Table 3Univariate and multivariate analyses of risk factors associated with HCC
| Parameter | Univariate analysis
| Multivariate analysis
|
|---|
| OR (95% CI) | p-value | OR (95% CI) | p-value |
|---|
| Age | 1.031 (1.013–1.050) | <0.05 | 1.049 (1.008–1.092) | <0.05 |
| Sex (male/female) | 2.015 (1.384–2.934) | <0.05 | 3.428 (1.471–7.989) | <0.05 |
| AFP | 15.532 (9.642–25.020) | <0.05 | 4.480 (1.701–11.802) | <0.05 |
| sAXL | 6.356 (4.199–9.619) | <0.05 | 2.857(1.157–7.055) | <0.05 |
| DCP | 37.488 (13.306–105.622) | <0.05 | 16.172 (3.425–76.359) | <0.05 |
| GPR | 1.765 (1.367–2.280) | <0.05 | 3.373(1.129–10.076) | <0.05 |
| APRI | 6.905 (4.099–11.630) | <0.05 | 2.830 (1.019–7.859) | <0.05 |
Diagnostic accuracy of APRI, GPR, and serum biomarkers for detecting HCC
The area under the ROC curve (AUC), sensitivities, specificities, and optimal threshold values of AFP, sAXL, DCP, APRI, and GPR for the diagnosis of HCC are shown in Table 4. the AUC and Youden’s index values corresponding to AFP were higher than those of the other markers. APRI had the highest sensitivity, but DCP showed the highest specificity. We also evaluated the diagnostic value of the combined biomarkers and found that the AUC corresponding to the combined biomarkers was greater than 0.8. Of all the two-marker combinations used for HCC diagnosis, the combination of sAXL with DCP had the highest AUC (0.882), with a higher sensitivity and Youden’s index (0.8211 and 0.6648, respectively) compared with those of all the other two-marker combinations.

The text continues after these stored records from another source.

(* Fix k >= 1 and let Q = Q_T^k(I). Since <Q h, h> = sum_|a|=k k!/a! |T^a h|^2,
   Q is a positive self-adjoint bounded operator. If m_infty(T) > |lam|, then for
   some k there is c > |lam|^(2k) with |Q h| >= c |h| for all h, and for a positive
   self-adjoint operator this improves to <Q h, h> >= c |h|^2; this is shown
   without spectral theory, by repeatedly raising a lower bound t on the quadratic
   form towards c. On the other hand, if h_n are unit approximate eigenvectors of
   T at lam, then |T^a h_n| -> |lam^a|, so by the multinomial theorem
   <Q h_n, h_n> -> |lam|^(2k) < c, a contradiction. *)

From mathcomp Require Import all_boot all_order all_algebra.
From mathcomp Require Import all_classical all_reals all_analysis.
From mathcomp Require Import complex ring lra zify.
Import Order.TTheory GRing.Theory Num.Theory numFieldNormedType.Exports.
Local Open Scope ring_scope.
Local Open Scope classical_set_scope.
Set Implicit Arguments. Unset Strict Implicit.

Local Notation Re := complex.Re.
Local Notation normc := ComplexField.Normc.normc.

Lemma Re_conj (R : rcfType) (z : R[i]) : Re z^* = Re z.
Proof. by case: z. Qed.

Lemma Re_realM (R : rcfType) (r : R) (z : R[i]) : Re (r%:C%C * z) = r * Re z.
Proof. by case: z => a b /=; rewrite mul0r subr0. Qed.

Lemma Re_conjM (R : rcfType) (z : R[i]) : Re (z^* * z) = normc z ^+ 2.
Proof.
by case: z => a b /=; rewrite sqr_sqrtr ?addr_ge0 ?sqr_ge0 // !expr2; ring.
Qed.

Lemma normc_ge0 (R : rcfType) (z : R[i]) : 0 <= normc z.
Proof. by case: z => a b; apply: sqrtr_ge0. Qed.

Lemma ge0_complex_real (R : rcfType) (z : R[i]) : 0 <= z -> z = (Re z)%:C%C.
Proof. by case: z => a b; rewrite lecE /= => /andP[/eqP -> _]. Qed.

Lemma normc_real (R : rcfType) (r : R) : normc r%:C%C = `|r|.
Proof. by rewrite /= expr0n addr0 sqrtr_sqr. Qed.

Lemma normcX (R : rcfType) (z : R[i]) n : normc (z ^+ n) = normc z ^+ n.
Proof.
elim: n => [|n IH]; first exact: ComplexField.Normc.normc1.
by rewrite !exprS ComplexField.Normc.normcM IH.
Qed.

Lemma normc_prod (R : rcfType) (I : finType) (F : I -> R[i]) :
  normc (\prod_i F i) = \prod_i normc (F i).
Proof.
exact: (big_morph _ (@ComplexField.Normc.normcM R) (ComplexField.Normc.normc1 R)).
Qed.

Section InnerProduct.
Variables (R : realType) (V : lmodType R[i]) (ip : V -> V -> R[i]).
Hypothesis ip_inner : inner_product ip.

Lemma ipDZl a x y z : ip (a *: x + y) z = a * ip x z + ip y z.
Proof. by case: ip_inner => H _ _ _; apply: H. Qed.

Lemma ip_conj x y : ip x y = (ip y x)^*.
Proof. by case: ip_inner => _ H _ _; apply: H. Qed.

Lemma ipxx_ge0 x : 0 <= ip x x.
Proof. by case: ip_inner => _ _ H _; apply: H. Qed.

Lemma ipxx_eq0 x : ip x x = 0 -> x = 0.
Proof. by case: ip_inner => _ _ _ H; apply: H. Qed.

Lemma ip0l z : ip 0 z = 0.
Proof.
apply: (@addrI _ (ip 0 z)); rewrite addr0.
by rewrite -{1}(mul1r (ip 0 z)) -ipDZl scaler0 addr0.
Qed.

Lemma ipDl x y z : ip (x + y) z = ip x z + ip y z.
Proof. by rewrite -[x]scale1r ipDZl mul1r scale1r. Qed.

Lemma ipZl a x z : ip (a *: x) z = a * ip x z.
Proof. by rewrite -[a *: x]addr0 ipDZl ip0l addr0. Qed.

Lemma ipDr x y z : ip x (y + z) = ip x y + ip x z.
Proof. by rewrite ip_conj ipDl rmorphD /= -!ip_conj. Qed.

Lemma ipZr a x y : ip x (a *: y) = a^* * ip x y.
Proof. by rewrite ip_conj ipZl rmorphM /= -ip_conj. Qed.

Definition ipr x y := Re (ip x y).

Definition hnorm2 x := ipr x x.

Lemma iprC x y : ipr x y = ipr y x.
Proof. by rewrite /ipr ip_conj Re_conj. Qed.

Lemma ipr0l z : ipr 0 z = 0.
Proof. by rewrite /ipr ip0l. Qed.

Lemma iprDl x y z : ipr (x + y) z = ipr x z + ipr y z.
Proof. by rewrite /ipr ipDl raddfD. Qed.

Lemma iprDr x y z : ipr x (y + z) = ipr x y + ipr x z.
Proof. by rewrite iprC iprDl !(iprC _ x). Qed.

Lemma iprZl (r : R) x z : ipr (r%:C%C *: x) z = r * ipr x z.
Proof. by rewrite /ipr ipZl Re_realM. Qed.

Lemma iprZr (r : R) x z : ipr x (r%:C%C *: z) = r * ipr x z.
Proof. by rewrite iprC iprZl iprC. Qed.

Lemma iprNl x z : ipr (- x) z = - ipr x z.
Proof. by rewrite -scaleN1r -(rmorphN1 (real_complex R)) iprZl mulN1r. Qed.

Lemma iprNr x z : ipr x (- z) = - ipr x z.
Proof. by rewrite iprC iprNl iprC. Qed.

Lemma iprBl x y z : ipr (x - y) z = ipr x z - ipr y z.
Proof. by rewrite iprDl iprNl. Qed.

Lemma iprBr x y z : ipr x (y - z) = ipr x y - ipr x z.
Proof. by rewrite iprDr iprNr. Qed.

Lemma ip_hnorm2 x : ip x x = (hnorm2 x)%:C%C.
Proof. exact: ge0_complex_real (ipxx_ge0 x). Qed.

Lemma hnorm2_ge0 x : 0 <= hnorm2 x.
Proof. by have := ipxx_ge0 x; rewrite ip_hnorm2 ler0c. Qed.

Lemma hnorm2_eq0 x : hnorm2 x = 0 -> x = 0.
Proof. by move=> x0; apply: ipxx_eq0; rewrite ip_hnorm2 x0. Qed.

Lemma hnorm2D x y : hnorm2 (x + y) = hnorm2 x + 2 * ipr x y + hnorm2 y.
Proof. by rewrite /hnorm2 iprDl !iprDr (iprC y x); ring. Qed.

Lemma hnorm2B x y : hnorm2 (x - y) = hnorm2 x - 2 * ipr x y + hnorm2 y.
Proof. by rewrite /hnorm2 iprBl !iprBr (iprC y x); ring. Qed.

Lemma hnorm2Zr (r : R) x : hnorm2 (r%:C%C *: x) = r ^+ 2 * hnorm2 x.
Proof. by rewrite /hnorm2 iprZl iprZr mulrA expr2. Qed.

Lemma hnorm2Z a x : hnorm2 (a *: x) = normc a ^+ 2 * hnorm2 x.
Proof.
rewrite {1}/hnorm2 /ipr ipZl ipZr mulrA ip_hnorm2 mulrC Re_realM mulrC.
by rewrite (mulrC a) Re_conjM.
Qed.

Lemma hnormE x : hnorm ip x = Num.sqrt (hnorm2 x).
Proof. by []. Qed.

Lemma sqr_hnorm x : hnorm ip x ^+ 2 = hnorm2 x.
Proof. exact/sqr_sqrtr/hnorm2_ge0. Qed.

Lemma hnorm_ge0 x : 0 <= hnorm ip x.
Proof. exact: sqrtr_ge0. Qed.

Lemma hnorm0 : hnorm ip 0 = 0.
Proof. by rewrite /hnorm ip0l sqrtr0. Qed.

Lemma hnormZ a x : hnorm ip (a *: x) = normc a * hnorm ip x.
Proof.
by rewrite !hnormE hnorm2Z sqrtrM ?sqr_ge0 // sqrtr_sqr ger0_norm // normc_ge0.
Qed.

Lemma ipr_suml (I : Type) (r : seq I) (Pr : pred I) (F : I -> V) y :
  ipr (\sum_(i <- r | Pr i) F i) y = \sum_(i <- r | Pr i) ipr (F i) y.
Proof.
by elim/big_rec2: _ => [|i u v _ <-]; rewrite ?ipr0l ?iprDl.
Qed.

Lemma ip_eqr u v : (forall z, ip z u = ip z v) -> u = v.
Proof.
move=> uv; apply/eqP; rewrite -subr_eq0; apply/eqP/ipxx_eq0.
by rewrite -[- v]scaleN1r ipDr ipZr uv conjCN1 mulN1r subrr.
Qed.

Lemma hnorm_eq0 x : hnorm ip x = 0 -> x = 0.
Proof. by move=> x0; apply: hnorm2_eq0; rewrite -sqr_hnorm x0 expr0n. Qed.

Lemma ipr_le_hnormM x y : ipr x y <= hnorm ip x * hnorm ip y.
Proof.
have [->|x0] := eqVneq x 0; first by rewrite ipr0l hnorm0 mul0r.
have [->|y0] := eqVneq y 0; first by rewrite iprC ipr0l hnorm0 mulr0.
set a := hnorm ip x; set b := hnorm ip y.
have a0 : 0 < a by rewrite lt_def hnorm_ge0 andbT; apply: contra_neq x0 => /hnorm_eq0.
have b0 : 0 < b by rewrite lt_def hnorm_ge0 andbT; apply: contra_neq y0 => /hnorm_eq0.
have := hnorm2_ge0 (b%:C%C *: x - a%:C%C *: y).
rewrite hnorm2B !hnorm2Zr iprZl iprZr -!sqr_hnorm -/a -/b.
have ab0 : 0 < a * b by rewrite mulr_gt0.
nra.
Qed.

Also, the specificity of AFP combined with DCP was the highest (0.9453) considering all the two-marker combinations. Considering that we evaluated five markers in this study, the significance of analyzing only two-marker combinations could be limited, so we also analyzed three-, four-, and five-marker combinations. The results revealed that among all the three-marker combinations, that of AFP, sAXL, and DCP showed the highest AUC and Youden’s index (0.904 and 0.7085, respectively). Further, the combination of sAXL, DCP, and GPR showed the highest sensitivity (0.8418), while the combination of AFP, DCP, and GPR showed the highest specificity (0.9407). We also saw that among all the four-marker combinations, AFP, sAXL, DCP, and APRI showed the highest AUC, Youden’s index, and specificity (0.910, 0.7162, and 0.9576, respectively), but the combination of sAXL, DCP, APRI, and GPR had the highest sensitivity (0.8523). Interestingly, the combination of all five markers, AFP, sAXL, DCP, APRI, and GPR, had the highest AUC (0.911), and thus, the greatest diagnostic value for HCC.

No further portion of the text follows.